• Requirement
Transcribe word for word the lines below from the line with "by exists j => //; lia." through the line with "case: (boolP ((lift_low", ends included.

• Records supplied
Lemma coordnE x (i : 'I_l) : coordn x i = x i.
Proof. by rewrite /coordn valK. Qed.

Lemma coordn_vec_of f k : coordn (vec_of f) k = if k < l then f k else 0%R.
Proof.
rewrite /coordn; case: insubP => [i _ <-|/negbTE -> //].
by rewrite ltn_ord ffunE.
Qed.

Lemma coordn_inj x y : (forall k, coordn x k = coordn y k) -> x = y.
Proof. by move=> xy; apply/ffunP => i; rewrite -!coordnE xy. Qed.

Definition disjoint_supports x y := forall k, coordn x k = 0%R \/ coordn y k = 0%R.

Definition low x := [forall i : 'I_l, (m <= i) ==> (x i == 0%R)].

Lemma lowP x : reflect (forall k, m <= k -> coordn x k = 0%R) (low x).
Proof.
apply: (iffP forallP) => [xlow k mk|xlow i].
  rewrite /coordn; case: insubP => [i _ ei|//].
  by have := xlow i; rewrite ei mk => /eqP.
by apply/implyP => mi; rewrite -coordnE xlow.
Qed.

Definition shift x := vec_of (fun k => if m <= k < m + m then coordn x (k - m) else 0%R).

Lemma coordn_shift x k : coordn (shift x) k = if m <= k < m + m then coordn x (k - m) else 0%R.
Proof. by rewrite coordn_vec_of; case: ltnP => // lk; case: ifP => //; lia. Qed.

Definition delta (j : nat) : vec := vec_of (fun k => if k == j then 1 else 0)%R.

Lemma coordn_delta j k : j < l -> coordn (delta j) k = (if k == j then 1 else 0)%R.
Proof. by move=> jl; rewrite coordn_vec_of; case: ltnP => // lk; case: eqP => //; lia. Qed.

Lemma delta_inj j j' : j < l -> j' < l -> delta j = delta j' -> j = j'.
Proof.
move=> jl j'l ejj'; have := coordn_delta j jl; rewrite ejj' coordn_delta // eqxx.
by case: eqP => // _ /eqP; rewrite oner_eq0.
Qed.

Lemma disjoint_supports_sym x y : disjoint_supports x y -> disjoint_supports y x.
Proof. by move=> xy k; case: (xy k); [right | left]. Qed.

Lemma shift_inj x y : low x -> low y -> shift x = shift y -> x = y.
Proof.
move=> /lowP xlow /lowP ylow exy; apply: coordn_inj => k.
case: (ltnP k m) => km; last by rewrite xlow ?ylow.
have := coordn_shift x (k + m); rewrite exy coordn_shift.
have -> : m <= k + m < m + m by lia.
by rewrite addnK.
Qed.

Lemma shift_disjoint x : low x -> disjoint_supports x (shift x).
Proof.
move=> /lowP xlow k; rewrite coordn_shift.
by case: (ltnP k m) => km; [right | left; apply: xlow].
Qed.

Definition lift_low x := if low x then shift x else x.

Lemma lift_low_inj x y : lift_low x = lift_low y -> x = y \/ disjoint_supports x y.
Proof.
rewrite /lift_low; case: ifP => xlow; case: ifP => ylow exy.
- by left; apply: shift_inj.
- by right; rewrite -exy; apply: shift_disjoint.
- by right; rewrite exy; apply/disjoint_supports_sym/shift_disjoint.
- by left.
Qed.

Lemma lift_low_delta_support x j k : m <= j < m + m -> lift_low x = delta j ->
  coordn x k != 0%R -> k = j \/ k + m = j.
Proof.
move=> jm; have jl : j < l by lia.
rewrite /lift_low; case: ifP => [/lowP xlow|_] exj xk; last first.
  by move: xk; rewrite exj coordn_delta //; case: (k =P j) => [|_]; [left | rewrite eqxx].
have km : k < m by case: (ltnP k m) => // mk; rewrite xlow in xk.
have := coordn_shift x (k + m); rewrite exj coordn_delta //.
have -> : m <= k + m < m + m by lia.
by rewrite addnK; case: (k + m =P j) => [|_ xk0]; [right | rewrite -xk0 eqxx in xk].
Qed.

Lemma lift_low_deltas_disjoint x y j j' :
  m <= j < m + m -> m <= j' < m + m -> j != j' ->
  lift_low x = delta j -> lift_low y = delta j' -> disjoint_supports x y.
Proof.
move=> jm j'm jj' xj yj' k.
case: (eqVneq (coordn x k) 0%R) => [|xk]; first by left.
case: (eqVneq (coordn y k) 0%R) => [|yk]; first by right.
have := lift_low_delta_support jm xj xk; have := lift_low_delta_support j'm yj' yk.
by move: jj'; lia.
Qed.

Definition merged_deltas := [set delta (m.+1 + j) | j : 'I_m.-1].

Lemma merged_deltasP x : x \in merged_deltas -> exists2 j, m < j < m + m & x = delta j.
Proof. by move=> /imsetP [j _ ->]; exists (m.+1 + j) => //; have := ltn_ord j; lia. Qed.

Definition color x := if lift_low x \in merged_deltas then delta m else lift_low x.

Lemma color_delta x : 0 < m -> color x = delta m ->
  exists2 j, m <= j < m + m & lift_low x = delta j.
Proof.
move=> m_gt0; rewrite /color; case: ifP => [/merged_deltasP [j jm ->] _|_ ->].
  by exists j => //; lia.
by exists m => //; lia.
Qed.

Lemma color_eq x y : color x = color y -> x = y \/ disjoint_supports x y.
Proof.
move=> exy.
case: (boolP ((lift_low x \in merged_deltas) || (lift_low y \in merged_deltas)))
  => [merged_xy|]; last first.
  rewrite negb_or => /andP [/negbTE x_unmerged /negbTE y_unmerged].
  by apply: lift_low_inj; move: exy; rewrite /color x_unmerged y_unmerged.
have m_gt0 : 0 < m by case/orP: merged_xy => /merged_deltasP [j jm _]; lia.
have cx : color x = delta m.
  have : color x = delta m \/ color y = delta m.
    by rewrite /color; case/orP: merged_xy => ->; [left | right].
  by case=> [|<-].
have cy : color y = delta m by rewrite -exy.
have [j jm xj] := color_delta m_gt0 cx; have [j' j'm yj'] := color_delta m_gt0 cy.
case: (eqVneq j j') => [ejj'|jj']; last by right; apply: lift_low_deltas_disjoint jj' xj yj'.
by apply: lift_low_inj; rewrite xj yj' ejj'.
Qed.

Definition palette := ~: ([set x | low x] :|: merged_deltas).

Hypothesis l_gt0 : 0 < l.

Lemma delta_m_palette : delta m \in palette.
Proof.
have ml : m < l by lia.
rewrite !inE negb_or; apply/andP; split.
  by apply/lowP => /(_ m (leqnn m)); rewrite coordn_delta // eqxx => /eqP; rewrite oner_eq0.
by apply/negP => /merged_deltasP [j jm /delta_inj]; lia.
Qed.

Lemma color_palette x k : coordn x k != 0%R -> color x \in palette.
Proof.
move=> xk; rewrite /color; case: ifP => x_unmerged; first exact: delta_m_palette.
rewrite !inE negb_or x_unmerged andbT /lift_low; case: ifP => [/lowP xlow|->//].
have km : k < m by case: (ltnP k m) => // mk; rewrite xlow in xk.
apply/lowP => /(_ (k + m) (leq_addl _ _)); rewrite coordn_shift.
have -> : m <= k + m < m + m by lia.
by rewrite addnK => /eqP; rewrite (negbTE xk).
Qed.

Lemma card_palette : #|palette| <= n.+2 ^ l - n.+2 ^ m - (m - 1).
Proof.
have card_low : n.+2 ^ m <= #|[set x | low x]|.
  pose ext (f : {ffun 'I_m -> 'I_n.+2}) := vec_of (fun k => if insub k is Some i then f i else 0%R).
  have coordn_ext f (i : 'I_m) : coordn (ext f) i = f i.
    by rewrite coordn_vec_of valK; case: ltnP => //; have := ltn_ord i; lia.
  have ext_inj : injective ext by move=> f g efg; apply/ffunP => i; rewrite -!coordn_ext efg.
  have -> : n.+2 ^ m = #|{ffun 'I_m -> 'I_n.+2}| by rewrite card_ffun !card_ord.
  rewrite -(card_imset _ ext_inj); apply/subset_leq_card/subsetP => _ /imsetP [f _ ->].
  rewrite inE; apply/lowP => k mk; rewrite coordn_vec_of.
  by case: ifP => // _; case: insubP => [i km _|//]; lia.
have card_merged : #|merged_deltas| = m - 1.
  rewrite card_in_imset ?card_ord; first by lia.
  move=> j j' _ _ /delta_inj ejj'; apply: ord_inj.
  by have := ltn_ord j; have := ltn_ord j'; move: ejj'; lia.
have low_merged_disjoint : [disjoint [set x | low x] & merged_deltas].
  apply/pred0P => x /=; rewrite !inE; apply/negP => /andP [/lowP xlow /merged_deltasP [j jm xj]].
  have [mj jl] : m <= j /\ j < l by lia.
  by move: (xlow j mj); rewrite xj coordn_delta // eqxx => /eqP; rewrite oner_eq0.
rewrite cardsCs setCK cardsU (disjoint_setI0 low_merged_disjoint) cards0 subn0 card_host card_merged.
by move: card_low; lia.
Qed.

• Final answer
  by exists j => //; lia.
by exists m => //; lia.
Qed.

Lemma color_eq x y : color x = color y -> x = y \/ disjoint_supports x y.
Proof.
move=> exy.
case: (boolP ((lift_low x \in merged_deltas) || (lift_low y \in merged_deltas)))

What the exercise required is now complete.